Thanks for the reply.



Stash said:


> Of course, you know to specify USPS, and not UPS or some other company, right? Their "brokerage fees" are ridiculous.


Yes, I do, I know a few people that have had that unfortunate experience, good to have a reminder, though.




Stash said:


> You have to decide for yourself if the time and expense is worth it to pick up the item yourself across the border.


In my case, on the way over to the U.S., it is barely 10 minutes from leaving my driveway, to pulling into the NEXAS line, if you pick a good time/day; from there, it is about 15 minutes to the pick up point. Gotta give this some more thought, though.


----------



## Stash (Jun 1, 2002)

What’s the bridge fee?

Plus, if you’re coming back at Queenston, there’s that a-hole customs agent Maurice who always seems angry.


----------



## YamahaYG68 (Jun 11, 2018)

Peace Bridge, where I cross, is $3.75

Oddly, though I live no more than 10 minutes from the Peace bridge, I only cross a couple times/year; not enough to get to know any customs agents :wink:

It does point out that sometimes we are impacted by the moods, interpretations and judgement of people in this field and other gov't positions of authority; one is OK with something, others have their own take on things and you're going to jump through hoops for them. In my 42 career, I sometimes dealt with various regulatory agencies, I found this is the way it is, its the luck of the draw who you get to deal with.


----------



## Stash (Jun 1, 2002)

That Maurice guy was actually over 15 years ago - I used to drive a transport truck and it seems like almost every time I came home via Queenston I used to get this same guy. Never really had an issue, but he was always pretty irritable. No sense of humour at all.


----------



## YamahaYG68 (Jun 11, 2018)

Stash said:


> he was always pretty irritable. No sense of humour at all.


As I mentioned, I am not a frequent crosser but I have developed my technique for discussions at the border.
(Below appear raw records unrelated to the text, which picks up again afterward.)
Lemma Rpower_interpolate k lam th e : 0 < k -> 0 < lam -> 0 <= th < 1 ->
  Rpower k (th + (1 - th) * e)
  <= th * lam * k + (1 - th) * Rpower lam (- (th / (1 - th))) * Rpower k e.
Proof.
  intros Hk Hl Ht.
  pose proof (weighted_amgm (lam * k) (Rpower lam (- (th / (1 - th))) * Rpower k e) th
    ltac:(nra) ltac:(apply Rmult_lt_0_compat; apply Rpower_pos) ltac:(lra)) as H.
  rewrite <- !Rpower_mult_distr, !Rpower_mult in H by (auto; try apply Rpower_pos; nra).
  replace (Rpower lam th * Rpower k th
           * (Rpower lam (- (th / (1 - th)) * (1 - th)) * Rpower k (e * (1 - th))))
    with (Rpower lam (th + - (th / (1 - th)) * (1 - th)) * Rpower k (th + (1 - th) * e)) in H
    by (rewrite !Rpower_plus; replace (e * (1 - th)) with ((1 - th) * e) by ring; ring).
  replace (th + - (th / (1 - th)) * (1 - th)) with 0 in H by (field; lra).
  rewrite Rpower_O in H by auto. lra.
Qed.

Lemma coag_kernel_weight_le x y mu gam al be z p :
  0 < x -> 0 < y -> 1 <= mu -> 0 <= al -> 0 <= be -> 0 < z -> 1 < p ->
  mu - 2 + al + be = (mu + gam - 1) * (1 - / p) ->
  (Rpower x al * Rpower y be + Rpower x be * Rpower y al)
    * (Rpower (x + y) mu - Rpower x mu - Rpower y mu)
  <= Rpower 2 (mu - 1) * mu * (z * (1 - / p))
       * (x * Rpower y (mu + gam) + Rpower x (mu + gam) * y)
     + Rpower 2 (mu - 1) * mu * (Rpower z (1 - p) / p) * (2 * (x * y)).
Proof.
  intros Hx Hy Hm Ha Hb Hz Hp He.
  assert (Y : forall v, 0 < v -> Rpower v (mu - 1 + al + be)
             <= z * (1 - / p) * Rpower v (mu + gam) + Rpower z (1 - p) / p * v).
  { intros v Hv. pose proof (Rpower_young v z (mu + gam - 1) p Hv Hz Hp) as HY.
    rewrite <- He in HY.
    replace (mu - 1 + al + be) with ((mu - 2 + al + be) + 1) by ring.
    replace (mu + gam) with ((mu + gam - 1) + 1) by ring.
    rewrite !Rpower_add_1 by auto.
    apply Rmult_le_compat_r with (r := v) in HY; [|lra]. nra. }
  pose proof (coag_weight_le x y mu al be Hx Hy Hm Ha Hb) as HG.
  pose proof (Y y Hy) as Yy. pose proof (Y x Hx) as Yx.
  apply Rmult_le_compat_l with (r := x) in Yy; [|lra].
  apply Rmult_le_compat_l with (r := y) in Yx; [|lra].
  assert (HD : 0 < Rpower 2 (mu - 1) * mu) by (pose proof (Rpower_pos 2 (mu - 1)); nra).
  assert (Rpower 2 (mu - 1) * mu * (x * Rpower y (mu - 1 + al + be) + y * Rpower x (mu - 1 + al + be))
          <= Rpower 2 (mu - 1) * mu
             * (x * (z * (1 - / p) * Rpower y (mu + gam) + Rpower z (1 - p) / p * y)
                + y * (z * (1 - / p) * Rpower x (mu + gam) + Rpower z (1 - p) / p * x)))
    by (apply Rmult_le_compat_l; lra).
  lra.
Qed.

(* The Young parameter z is chosen so that, while M_1 <= sig, the mixed term M_1 M_{mu + gamma}
   costs exactly half of the removal term R_* M_{mu + gamma}. *)
Lemma young_constant_eq As Rs sig mu p :
  0 < As -> 0 < Rs -> 0 < sig -> 0 < mu -> 1 < p ->
  let D := Rpower 2 (mu - 1) * mu in
  let z := p / (p - 1) * Rs / (2 * As * D * sig) in
  As * D * (z * (1 - / p)) * sig = Rs / 2 /\
  As * D * (Rpower z (1 - p) / p) * sig ^ 2
  = Rs * (Rpower (Rpower 2 mu * mu) p * Rpower (p / (p - 1)) (1 - p) / p
          * Rpower (As / Rs) p * Rpower sig (1 + p) / 2).
Proof.
  intros HA HR Hs Hm Hp D z.
  assert (HD : 0 < D) by (unfold D; Rpos).
  split; [unfold z; field; repeat split; lra|].
  assert (Hz : 0 < z) by (unfold z, Rdiv; Rpos).
  apply ln_inv; [unfold Rdiv; Rpos | unfold Rdiv; Rpos |].
  unfold z, D, Rdiv. simpl. rewrite Rmult_1_r.
  repeat first [ rewrite ln_mult by Rpos | rewrite ln_Rinv by Rpos | rewrite ln_Rpower ].
  field; lra.
Qed.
being from Fort Erie, this is based on some personal experience and a lot of discussions with other frequent crossers;

- Answer the questions clearly and concisely
- Don't add chit chat, if a simple Yes or No will suffice, go with that
- Don't be rude but don't try to be over friendly
- Do not interject humour into the discussion


----------



## muskykris (Jun 2, 2009)

I cross all the time for Archery supplies.
Never any issues 

Way simpler, cheaper and faster

I also live on the border and have family on the other side or the ups store.


----------



## YamahaYG68 (Jun 11, 2018)

muskykris said:


> I cross all the time for Archery supplies.
> Never any issues
> 
> Way simpler, cheaper and faster
> ...


Thanks


----------



## bowleg (Feb 28, 2015)

I ordered a Striker custom stinger in January with no issues and I buy, sell, and trade cross-boarder quit a bit and the risk of damage, theft, or loss in shipping is always there even if you do not leave Canada so that's why its recommended to pay extra for insurance. I will pass on a tip regarding the customs charge on your purchase when it crosses into Canada, when ever possible ask the person shipping the package to you to chose the option that the item is a GIFT then the duty should not be charged on the item entering Canada.


----------



## Mr.Wiggles (Dec 29, 2007)

I've bought bows on here from the states,and I've sold bows that went to the states,always insured and so far never a problem.If you fill out Tyd customs slip and check gift ,there is no duty,learned that from an American that ships tons of nows to Canada lol.


----------



## 4 Fletch (Jan 25, 2014)

There's no duty on sporting equipment; only HST. 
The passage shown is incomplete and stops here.